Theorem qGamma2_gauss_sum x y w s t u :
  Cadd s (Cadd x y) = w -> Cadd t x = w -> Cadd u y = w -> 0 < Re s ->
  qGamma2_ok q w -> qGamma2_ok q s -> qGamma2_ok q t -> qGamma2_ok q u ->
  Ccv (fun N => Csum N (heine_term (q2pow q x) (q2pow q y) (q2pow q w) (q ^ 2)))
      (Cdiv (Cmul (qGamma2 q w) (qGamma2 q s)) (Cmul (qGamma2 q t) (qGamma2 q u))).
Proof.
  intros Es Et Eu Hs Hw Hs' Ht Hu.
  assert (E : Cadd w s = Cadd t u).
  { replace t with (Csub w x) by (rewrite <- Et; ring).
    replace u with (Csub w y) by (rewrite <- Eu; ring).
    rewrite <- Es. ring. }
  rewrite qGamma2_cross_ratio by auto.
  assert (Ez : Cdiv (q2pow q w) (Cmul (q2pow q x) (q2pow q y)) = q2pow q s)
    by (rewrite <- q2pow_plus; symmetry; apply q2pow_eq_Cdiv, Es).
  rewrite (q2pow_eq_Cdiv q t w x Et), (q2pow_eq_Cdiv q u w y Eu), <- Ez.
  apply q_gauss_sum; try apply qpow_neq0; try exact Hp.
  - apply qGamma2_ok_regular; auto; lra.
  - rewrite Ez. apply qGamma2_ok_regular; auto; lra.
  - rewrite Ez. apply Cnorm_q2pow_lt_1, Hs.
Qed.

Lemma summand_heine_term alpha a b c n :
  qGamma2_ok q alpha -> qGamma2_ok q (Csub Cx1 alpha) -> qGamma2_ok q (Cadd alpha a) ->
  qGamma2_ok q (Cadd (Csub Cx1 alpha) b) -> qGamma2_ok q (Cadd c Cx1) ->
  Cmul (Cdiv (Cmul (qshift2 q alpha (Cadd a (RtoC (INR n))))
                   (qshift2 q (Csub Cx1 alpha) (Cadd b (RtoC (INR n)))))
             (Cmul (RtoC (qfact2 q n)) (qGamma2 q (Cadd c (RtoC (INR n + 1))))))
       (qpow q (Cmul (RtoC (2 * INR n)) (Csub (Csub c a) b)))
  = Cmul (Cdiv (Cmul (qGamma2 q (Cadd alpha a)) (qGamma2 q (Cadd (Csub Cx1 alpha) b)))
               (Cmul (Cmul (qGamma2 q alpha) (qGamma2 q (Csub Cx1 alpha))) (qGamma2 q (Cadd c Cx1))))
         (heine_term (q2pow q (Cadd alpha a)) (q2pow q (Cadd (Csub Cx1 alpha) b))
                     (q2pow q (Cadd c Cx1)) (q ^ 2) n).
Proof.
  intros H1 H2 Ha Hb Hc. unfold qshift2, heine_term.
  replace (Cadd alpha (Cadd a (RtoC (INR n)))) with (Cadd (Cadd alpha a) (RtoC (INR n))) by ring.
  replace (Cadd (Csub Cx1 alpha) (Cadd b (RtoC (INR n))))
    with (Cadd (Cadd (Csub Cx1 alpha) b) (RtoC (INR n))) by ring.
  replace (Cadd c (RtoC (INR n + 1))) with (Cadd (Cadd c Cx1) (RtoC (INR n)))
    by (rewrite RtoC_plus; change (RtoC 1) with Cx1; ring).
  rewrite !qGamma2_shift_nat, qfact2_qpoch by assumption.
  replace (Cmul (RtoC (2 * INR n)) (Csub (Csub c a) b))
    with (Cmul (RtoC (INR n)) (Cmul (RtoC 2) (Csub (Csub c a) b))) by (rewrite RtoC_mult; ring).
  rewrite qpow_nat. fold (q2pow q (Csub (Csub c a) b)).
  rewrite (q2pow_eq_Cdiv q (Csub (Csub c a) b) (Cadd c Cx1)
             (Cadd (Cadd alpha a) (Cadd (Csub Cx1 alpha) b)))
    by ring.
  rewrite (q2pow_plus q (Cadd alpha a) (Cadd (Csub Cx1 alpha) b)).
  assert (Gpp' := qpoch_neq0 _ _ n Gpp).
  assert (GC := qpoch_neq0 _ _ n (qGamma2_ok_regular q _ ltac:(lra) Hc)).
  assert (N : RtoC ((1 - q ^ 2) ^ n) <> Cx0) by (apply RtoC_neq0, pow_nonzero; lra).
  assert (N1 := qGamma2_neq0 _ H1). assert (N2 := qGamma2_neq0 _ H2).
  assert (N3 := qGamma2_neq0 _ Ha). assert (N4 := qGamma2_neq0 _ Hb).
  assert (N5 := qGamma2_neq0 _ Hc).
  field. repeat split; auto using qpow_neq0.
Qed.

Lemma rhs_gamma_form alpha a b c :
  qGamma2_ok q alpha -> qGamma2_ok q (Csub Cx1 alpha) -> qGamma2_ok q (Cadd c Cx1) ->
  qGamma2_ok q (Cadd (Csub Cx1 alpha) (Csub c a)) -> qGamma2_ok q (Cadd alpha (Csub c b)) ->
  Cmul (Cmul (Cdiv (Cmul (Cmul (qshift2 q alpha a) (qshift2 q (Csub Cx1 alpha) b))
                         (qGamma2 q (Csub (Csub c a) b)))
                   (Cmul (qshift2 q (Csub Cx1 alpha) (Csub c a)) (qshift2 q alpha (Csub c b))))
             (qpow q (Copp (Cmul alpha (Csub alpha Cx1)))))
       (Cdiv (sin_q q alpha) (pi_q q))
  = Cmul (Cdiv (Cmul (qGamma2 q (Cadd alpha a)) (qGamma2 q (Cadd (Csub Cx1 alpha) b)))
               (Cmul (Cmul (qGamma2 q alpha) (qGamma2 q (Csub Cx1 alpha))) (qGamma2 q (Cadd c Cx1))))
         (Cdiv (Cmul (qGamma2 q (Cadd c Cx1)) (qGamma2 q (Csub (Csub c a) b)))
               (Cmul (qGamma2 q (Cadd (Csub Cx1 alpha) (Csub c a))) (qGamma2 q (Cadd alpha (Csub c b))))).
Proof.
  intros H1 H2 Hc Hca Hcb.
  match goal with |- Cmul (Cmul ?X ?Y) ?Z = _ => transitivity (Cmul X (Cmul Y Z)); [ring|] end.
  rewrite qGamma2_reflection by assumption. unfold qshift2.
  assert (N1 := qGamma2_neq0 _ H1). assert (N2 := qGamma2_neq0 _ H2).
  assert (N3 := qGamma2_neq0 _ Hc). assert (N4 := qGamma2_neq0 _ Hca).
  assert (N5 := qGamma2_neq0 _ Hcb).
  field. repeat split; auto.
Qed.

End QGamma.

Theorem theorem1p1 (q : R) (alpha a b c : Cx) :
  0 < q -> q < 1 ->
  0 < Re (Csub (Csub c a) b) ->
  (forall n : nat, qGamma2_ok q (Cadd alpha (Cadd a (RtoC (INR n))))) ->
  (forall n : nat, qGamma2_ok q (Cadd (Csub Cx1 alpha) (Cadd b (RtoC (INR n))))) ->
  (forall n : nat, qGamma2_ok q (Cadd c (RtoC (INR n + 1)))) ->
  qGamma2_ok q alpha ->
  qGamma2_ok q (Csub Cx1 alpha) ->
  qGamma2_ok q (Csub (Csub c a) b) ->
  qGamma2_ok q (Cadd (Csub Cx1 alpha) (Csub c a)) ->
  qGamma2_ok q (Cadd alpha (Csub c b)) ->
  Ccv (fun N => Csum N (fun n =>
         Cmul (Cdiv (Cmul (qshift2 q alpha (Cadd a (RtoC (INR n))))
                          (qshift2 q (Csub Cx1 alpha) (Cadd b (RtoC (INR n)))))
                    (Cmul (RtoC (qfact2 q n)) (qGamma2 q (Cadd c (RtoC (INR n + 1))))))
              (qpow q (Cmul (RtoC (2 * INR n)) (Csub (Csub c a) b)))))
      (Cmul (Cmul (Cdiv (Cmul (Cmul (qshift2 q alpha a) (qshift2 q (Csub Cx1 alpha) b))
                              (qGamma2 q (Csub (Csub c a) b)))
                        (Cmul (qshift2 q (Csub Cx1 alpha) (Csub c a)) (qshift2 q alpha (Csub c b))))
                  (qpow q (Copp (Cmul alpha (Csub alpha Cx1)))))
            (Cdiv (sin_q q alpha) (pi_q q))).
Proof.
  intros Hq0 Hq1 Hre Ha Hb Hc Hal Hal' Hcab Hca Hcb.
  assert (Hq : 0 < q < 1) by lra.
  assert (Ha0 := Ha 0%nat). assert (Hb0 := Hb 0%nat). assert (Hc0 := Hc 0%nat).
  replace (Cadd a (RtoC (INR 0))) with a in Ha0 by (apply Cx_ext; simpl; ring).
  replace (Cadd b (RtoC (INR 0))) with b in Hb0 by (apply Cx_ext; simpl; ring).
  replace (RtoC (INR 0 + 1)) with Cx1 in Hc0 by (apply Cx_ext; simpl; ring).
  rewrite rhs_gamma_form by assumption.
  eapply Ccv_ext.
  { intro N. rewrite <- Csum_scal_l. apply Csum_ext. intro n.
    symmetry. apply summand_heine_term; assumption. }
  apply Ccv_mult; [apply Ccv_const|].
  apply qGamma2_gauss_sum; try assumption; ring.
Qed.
....................
Requirement
Copy out, word for word, the part of the entries above that begins at the line with "alpha a) ->" and ends at the line with "replace (Cadd (Csub", including both.

Response to the task
  qGamma2_ok q alpha -> qGamma2_ok q (Csub Cx1 alpha) -> qGamma2_ok q (Cadd alpha a) ->
  qGamma2_ok q (Cadd (Csub Cx1 alpha) b) -> qGamma2_ok q (Cadd c Cx1) ->
  Cmul (Cdiv (Cmul (qshift2 q alpha (Cadd a (RtoC (INR n))))
                   (qshift2 q (Csub Cx1 alpha) (Cadd b (RtoC (INR n)))))
             (Cmul (RtoC (qfact2 q n)) (qGamma2 q (Cadd c (RtoC (INR n + 1))))))
       (qpow q (Cmul (RtoC (2 * INR n)) (Csub (Csub c a) b)))
  = Cmul (Cdiv (Cmul (qGamma2 q (Cadd alpha a)) (qGamma2 q (Cadd (Csub Cx1 alpha) b)))
               (Cmul (Cmul (qGamma2 q alpha) (qGamma2 q (Csub Cx1 alpha))) (qGamma2 q (Cadd c Cx1))))
         (heine_term (q2pow q (Cadd alpha a)) (q2pow q (Cadd (Csub Cx1 alpha) b))
                     (q2pow q (Cadd c Cx1)) (q ^ 2) n).
Proof.
  intros H1 H2 Ha Hb Hc. unfold qshift2, heine_term.
  replace (Cadd alpha (Cadd a (RtoC (INR n)))) with (Cadd (Cadd alpha a) (RtoC (INR n))) by ring.
  replace (Cadd (Csub Cx1 alpha) (Cadd b (RtoC (INR n))))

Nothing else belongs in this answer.